───── INPUT FOR THIS TASK ─────
(* Let $a_0<a_1<\dots<a_n$ be positive integers with $\gcd(a_0,\dots,a_n)=1$ and let $t\in\mathbb{Z}_{\ge0}$. If the equation $a_0x_0+\dots+a_nx_n=t$ has a solution $x\in\mathbb{Z}_{\ge 0}^{n+1}$, then it has a solution $x\in\mathbb{Z}_{\ge0}^{n+1}$ whose support $\mathrm{supp}(x)=\{i: x_i\neq 0\}$ satisfies $|\mathrm{supp}(x)|\le \log_2(a_0)+1$. *)

From mathcomp Require Import all_boot.
Set Implicit Arguments. Unset Strict Implicit. Unset Printing Implicit Defensive.

Definition supp (m : nat) (x : 'I_m -> nat) : {set 'I_m} := [set i | x i != 0].

Definition lin (m : nat) (a x : 'I_m -> nat) : nat := \sum_(i < m) a i * x i.

From mathcomp Require Import all_boot zify.

Set Implicit Arguments.
Unset Strict Implicit.
Unset Printing Implicit Defensive.

(* Write S for the support of x outside the index 0, and suppose 2^|S| > a_0.
   By pigeonhole two distinct subsets of S have weight sums congruent modulo
   a_0; removing their intersection gives disjoint U1, U2 within S, with U1
   nonempty and sum_U1 a = sum_U2 a + q a_0.  Lowering x by c := min_U1 x on
   U1, raising it by c on U2 and by c q at the index 0 preserves a . x and
   kills at least one coordinate of S.  Iterating, |S| <= log2 a_0, and the
   index 0 adds at most one to the support. *)

Section SubsetSums.
Variables (I : finType) (a : I -> nat) (d : nat).
Hypothesis d_gt0 : 0 < d.

Lemma subset_sums_eq_mod (S : {set I}) : d < 2 ^ #|S| ->
  exists T1 T2 : {set I}, [/\ T1 \subset S, T2 \subset S, T1 != T2
    & \sum_(i in T1) a i = \sum_(i in T2) a i %[mod d]].
Proof.
move=> d_lt.
pose sum_mod (T : {set I}) : 'I_d := Ordinal (ltn_pmod (\sum_(i in T) a i) d_gt0).
have /dinjectivePn[T1 T1S [T2 /andP[T21 T2S] /(congr1 val) eqT]] :
    ~~ dinjectiveb sum_mod (powerset S).
  apply/negP => /dinjectiveP /leq_card_in.
  by rewrite card_powerset card_ord leqNgt d_lt.
by exists T1, T2; rewrite -!powersetE eq_sym.
Qed.

Hypothesis a_gt0 : forall i, 0 < a i.

Lemma sum_set_eq0 (A : {set I}) : \sum_(i in A) a i = 0 -> A = set0.
Proof.
move=> A0; apply/setP => i; rewrite inE; apply/negP => iA.
by move: A0; rewrite (bigD1 i) //=; have := a_gt0 i; lia.
Qed.

Lemma disjoint_subset_sums_dvd (S : {set I}) : d < 2 ^ #|S| ->
  exists U1 U2 : {set I}, [/\ U1 \subset S, U2 \subset S, [disjoint U1 & U2],
    U1 != set0 & exists q, \sum_(i in U1) a i = \sum_(i in U2) a i + q * d].
Proof.
move=> /subset_sums_eq_mod[T1 [T2 [T1S T2S T12 eqT]]].
wlog le_sum : T1 T2 T1S T2S T12 eqT /
    \sum_(i in T2 :\: T1) a i <= \sum_(i in T1 :\: T2) a i.
  move=> hwlog; case: (leqP (\sum_(i in T2 :\: T1) a i) (\sum_(i in T1 :\: T2) a i)).
    exact: hwlog.
  by move/ltnW; apply: hwlog; rewrite // eq_sym.
have split_sum (T T' : {set I}) :
    \sum_(i in T) a i = \sum_(i in T :&: T') a i + \sum_(i in T :\: T') a i.
  exact: big_setID.
exists (T1 :\: T2), (T2 :\: T1); split.
- exact: subset_trans (subsetDl _ _) T1S.
- exact: subset_trans (subsetDl _ _) T2S.
- rewrite -setI_eq0; apply/eqP/setP => i; rewrite !inE.
  by case: (i \in T1); case: (i \in T2).
- apply: contraNneq T12 => T120.
  have /sum_set_eq0 T210 : \sum_(i in T2 :\: T1) a i = 0.
    by move: le_sum; rewrite T120 big_set0; lia.
  by rewrite eqEsubset -!setD_eq0; apply/andP; split; apply/eqP.
- move: eqT; rewrite (split_sum T1 T2) (split_sum T2 T1) setIC => /eqP.
  rewrite eqn_modDl eqn_mod_dvd // => /dvdnP[q q_eq].
  by exists q; rewrite -q_eq subnKC.
Qed.

End SubsetSums.

Section Exchange.
Variables (m : nat) (a : 'I_m -> nat).

Lemma eq_lin (x y : 'I_m -> nat) : x =1 y -> lin a x = lin a y.
Proof. by move=> xy; apply: eq_bigr => i _; rewrite xy. Qed.

Lemma lin_add (x y : 'I_m -> nat) : lin a (fun i => x i + y i) = lin a x + lin a y.
Proof. by rewrite /lin -big_split; apply: eq_bigr => i _; rewrite mulnDr. Qed.

Lemma lin_indicator (c : nat) (U : {set 'I_m}) :
  lin a (fun i => c * (i \in U)) = c * \sum_(i in U) a i.
Proof.
rewrite /lin big_distrr [RHS]big_mkcond /=; apply: eq_bigr => i _.
by case: (i \in U); rewrite ?muln0 ?muln1 // mulnC.
Qed.

Lemma lin_exchange (x : 'I_m -> nat) (i0 : 'I_m) (U1 U2 : {set 'I_m}) (q : nat) :
  U1 \subset supp x :\ i0 -> U2 \subset supp x :\ i0 -> [disjoint U1 & U2] ->
  U1 != set0 -> \sum_(i in U1) a i = \sum_(i in U2) a i + q * a i0 ->
  exists y, lin a y = lin a x /\ #|supp y :\ i0| < #|supp x :\ i0|.
Proof.
move=> U1S U2S U12 /set0Pn[j jU1] sumU.
have [k kU1 k_min] := arg_minnP x jU1; set c := x k in k_min.
have i0U (U : {set 'I_m}) : U \subset supp x :\ i0 -> i0 \notin U.
  by move=> US; apply: contraL isT => /(subsetP US); rewrite !inE eqxx.
have notU2 i : i \in U1 -> i \notin U2.
  by move=> iU1; apply: contraL U12 => iU2; apply/pred0Pn; exists i; apply/andP.
pose y i := if i == i0 then x i + c * q else if i \in U1 then x i - c
            else if i \in U2 then x i + c else x i.
have y_shift i : y i + c * (i \in U1) = x i + c * (i \in U2) + c * q * (i \in [set i0]).
  rewrite /y in_set1; case: eqP => [->|_].
    by rewrite (negPf (i0U _ U1S)) (negPf (i0U _ U2S)); lia.
  case: ifP => [iU1|_]; last by case: (i \in U2); lia.
  by rewrite (negPf (notU2 i iU1)); have := k_min i iU1; lia.
exists y; split.
  have := eq_lin y_shift; rewrite !lin_add !lin_indicator big_set1 sumU; lia.
have suppy : supp y :\ i0 \subset (supp x :\ i0) :\ k.
  apply/subsetP => i; rewrite !inE /y => /andP[/negPf -> /=].
  case: ifP => [iU1 yi|iU1].
    apply/andP; split; last by lia.
    by apply: contraNneq yi => ->; rewrite subnn.
  have ik : i != k by apply: contraFneq iU1 => ->.
  case: ifP => [iU2 _|_ xi]; last by rewrite ik xi.
  by have := subsetP U2S i iU2; rewrite !inE ik => /andP[_ ->].
apply: leq_ltn_trans (subset_leq_card suppy) _.
by rewrite [X in _ < X](cardsD1 k) (subsetP U1S k kU1).
Qed.

Hypothesis a_gt0 : forall i, 0 < a i.

Lemma support_reduction (x : 'I_m -> nat) (i0 : 'I_m) :
  exists y, lin a y = lin a x /\ #|supp y :\ i0| <= trunc_log 2 (a i0).
Proof.
have [k] := ubnP #|supp x :\ i0|; elim: k x => // k IH x lt_k.
case: (leqP #|supp x :\ i0| (trunc_log 2 (a i0))) => [small|big].
  by exists x.
have a0_lt : a i0 < 2 ^ #|supp x :\ i0|.
  by apply: leq_trans (@trunc_log_ltn 2 _ isT) _; rewrite leq_exp2l.
have [U1 [U2 [U1S U2S U12 U1n0 [q sumU]]]] :=
  disjoint_subset_sums_dvd (a_gt0 i0) a_gt0 a0_lt.
have [y [yx lt_y]] := lin_exchange U1S U2S U12 U1n0 sumU.
have [z [zy small]] := IH y (leq_trans lt_y lt_k).
by exists z; rewrite zy yx.
Qed.

End Exchange.

Theorem corollary1 (n : nat) (a : 'I_n.+1 -> nat)
  (a_pos : 0 < a ord0)
  (a_incr : forall i j : 'I_n.+1, (i < j)%N -> a i < a j)
  (a_gcd : \big[gcdn/0]_(i < n.+1) a i = 1)
  (t : nat) :
  (exists x : 'I_n.+1 -> nat, lin a x = t) ->
  exists x : 'I_n.+1 -> nat, lin a x = t /\ #|supp x| <= trunc_log 2 (a ord0) + 1.
Proof.
have a_gt0 i : 0 < a i.
  case: (posnP i) => [i0|i_gt0]; last exact: ltn_trans a_pos (a_incr ord0 i i_gt0).
  by rewrite (_ : i = ord0) //; apply: val_inj.
move=> [x <-]; have [y [yx small]] := support_reduction a_gt0 x ord0.
exists y; split => //.
by rewrite (cardsD1 ord0) addnC leq_add // leq_b1.
Qed.
Definition clamp (p : pt) : pt := (Rmax 0 (Rmin (fst p) 1), 0).

Lemma clamp_lip p q : dist (clamp p) (clamp q) <= dist p q.
Proof.
  unfold clamp. rewrite dist_xaxis. eapply Rle_trans; [|apply Rabs_fst_le_dist].
  unfold Rmax, Rmin. repeat destruct Rle_dec; unfold Rabs; repeat destruct Rcase_abs; lra.
Qed.

Lemma onseg_clamp p : onseg (clamp p).
Proof. unfold onseg, clamp, Rmax, Rmin. simpl. repeat destruct Rle_dec; lra. Qed.

Lemma clamp_id p : onseg p -> clamp p = p.
Proof.
  destruct p as [a b]. unfold onseg, clamp. simpl. intros [Ha ->].
  f_equal. unfold Rmax, Rmin. repeat destruct Rle_dec; lra.
Qed.

Lemma onseg_pkg t s : 0 <= t <= 1 -> 0 <= s -> onseg (pkg t s).
Proof. unfold onseg, pkg, Rmin. simpl. destruct Rle_dec; lra. Qed.

Section Detour.

Variables (P : pt) (m tau0 : R) (H : R -> pt).
Hypotheses (Hm : 0 <= m <= 1) (Htau0 : dist P (m, 0) <= tau0)
  (HH : H tau0 = (m, 0)) (Hlip : lip_from H tau0).

Definition detour (s : R) : pt :=
  if Rle_dec s (dist P (m, 0)) then walk P (m, 0) s else clamp (H (Rmax s tau0)).

Lemma detour_tail_lip s1 s2 :
  dist (clamp (H (Rmax s1 tau0))) (clamp (H (Rmax s2 tau0))) <= Rabs (s1 - s2).
Proof.
  eapply Rle_trans; [apply clamp_lip|]. eapply Rle_trans; [apply Hlip; apply Rmax_r|].
  apply Rmax_lip.
Qed.

Lemma detour_lip s1 s2 : dist (detour s1) (detour s2) <= Rabs (s1 - s2).
Proof.
  set (d := dist P (m, 0)).
  assert (Hmix : forall a b, a <= d -> ~ b <= d ->
            dist (walk P (m, 0) a) (clamp (H (Rmax b tau0))) <= Rabs (a - b)).
  { intros a b Ha Hb.
    assert (HM : clamp (H (Rmax d tau0)) = (m, 0)).
    { rewrite Rmax_right, HH by exact Htau0. apply clamp_id. split; simpl; lra. }
    pose proof (walk_lip P (m, 0) a d) as L1. rewrite walk_end in L1.
    pose proof (detour_tail_lip d b) as L2. rewrite HM in L2.
    pose proof (dist_triangle (walk P (m, 0) a) (m, 0) (clamp (H (Rmax b tau0)))).
    revert L1 L2. unfold Rabs. repeat destruct Rcase_abs; lra. }
  unfold detour. fold d. destruct (Rle_dec s1 d), (Rle_dec s2 d).
  - apply walk_lip.
  - apply Hmix; assumption.
  - rewrite dist_sym, Rabs_minus_sym. apply Hmix; assumption.
  - apply detour_tail_lip.
Qed.

Lemma detour_online : online_alg P detour.
Proof.
  split.
  - unfold detour. destruct Rle_dec as [_|Hn]; [apply walk_0|].
    exfalso. apply Hn. apply sqrt_pos.
  - intros s1 s2 _ _. apply detour_lip.
Qed.

Lemma detour_straight_then_segment : straight_then_segment P detour.
Proof.
  exists m. split; [exact Hm|]. split.
  - intros s [_ Hs]. unfold detour. destruct Rle_dec; [reflexivity|contradiction].
  - intros s Hs. unfold detour. destruct Rle_dec.
    + replace s with (dist P (m, 0)) by lra. rewrite walk_end. simpl. lra.
    + apply onseg_clamp.
Qed.

Lemma detour_meets_within c :
  (forall t s, 0 <= t <= 1 -> 0 <= s -> H s = pkg t s -> tau0 <= s) ->
  meets_within P H c -> meets_within P detour c.
Proof.
  intros Hafter HmH t Ht. destruct (HmH t Ht) as [s [Hs [Hmeet Hle]]].
  exists s. repeat split; auto.
  pose proof (Hafter t s Ht Hs Hmeet). unfold detour. destruct Rle_dec.
  - transitivity (m, 0).
    + replace s with (dist P (m, 0)) by lra. apply walk_end.
    + rewrite <- HH. replace tau0 with s by lra. exact Hmeet.
  - rewrite Rmax_left, Hmeet by lra. apply clamp_id, onseg_pkg; assumption.
Qed.

End Detour.

Record ultrafilter_nat (U : (nat -> Prop) -> Prop) : Prop := {
  U_and : forall A B, U A -> U B -> U (fun n => A n /\ B n);
  U_mono : forall A B : nat -> Prop, U A -> (forall n, A n -> B n) -> U B;
  U_proper : ~ U (fun _ => False);
  U_ultra : forall A, U A \/ U (fun n => ~ A n);
  U_cofinite : forall N, U (fun n => (N <= n)%nat) }.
─────
=== PROBLEM TO WORK ON ===
Scan the records for the string "assert" and show every line that contains it.

=== TASK RESPONSE ===
  assert (Hmix : forall a b, a <= d -> ~ b <= d ->
    assert (HM : clamp (H (Rmax d tau0)) = (m, 0)).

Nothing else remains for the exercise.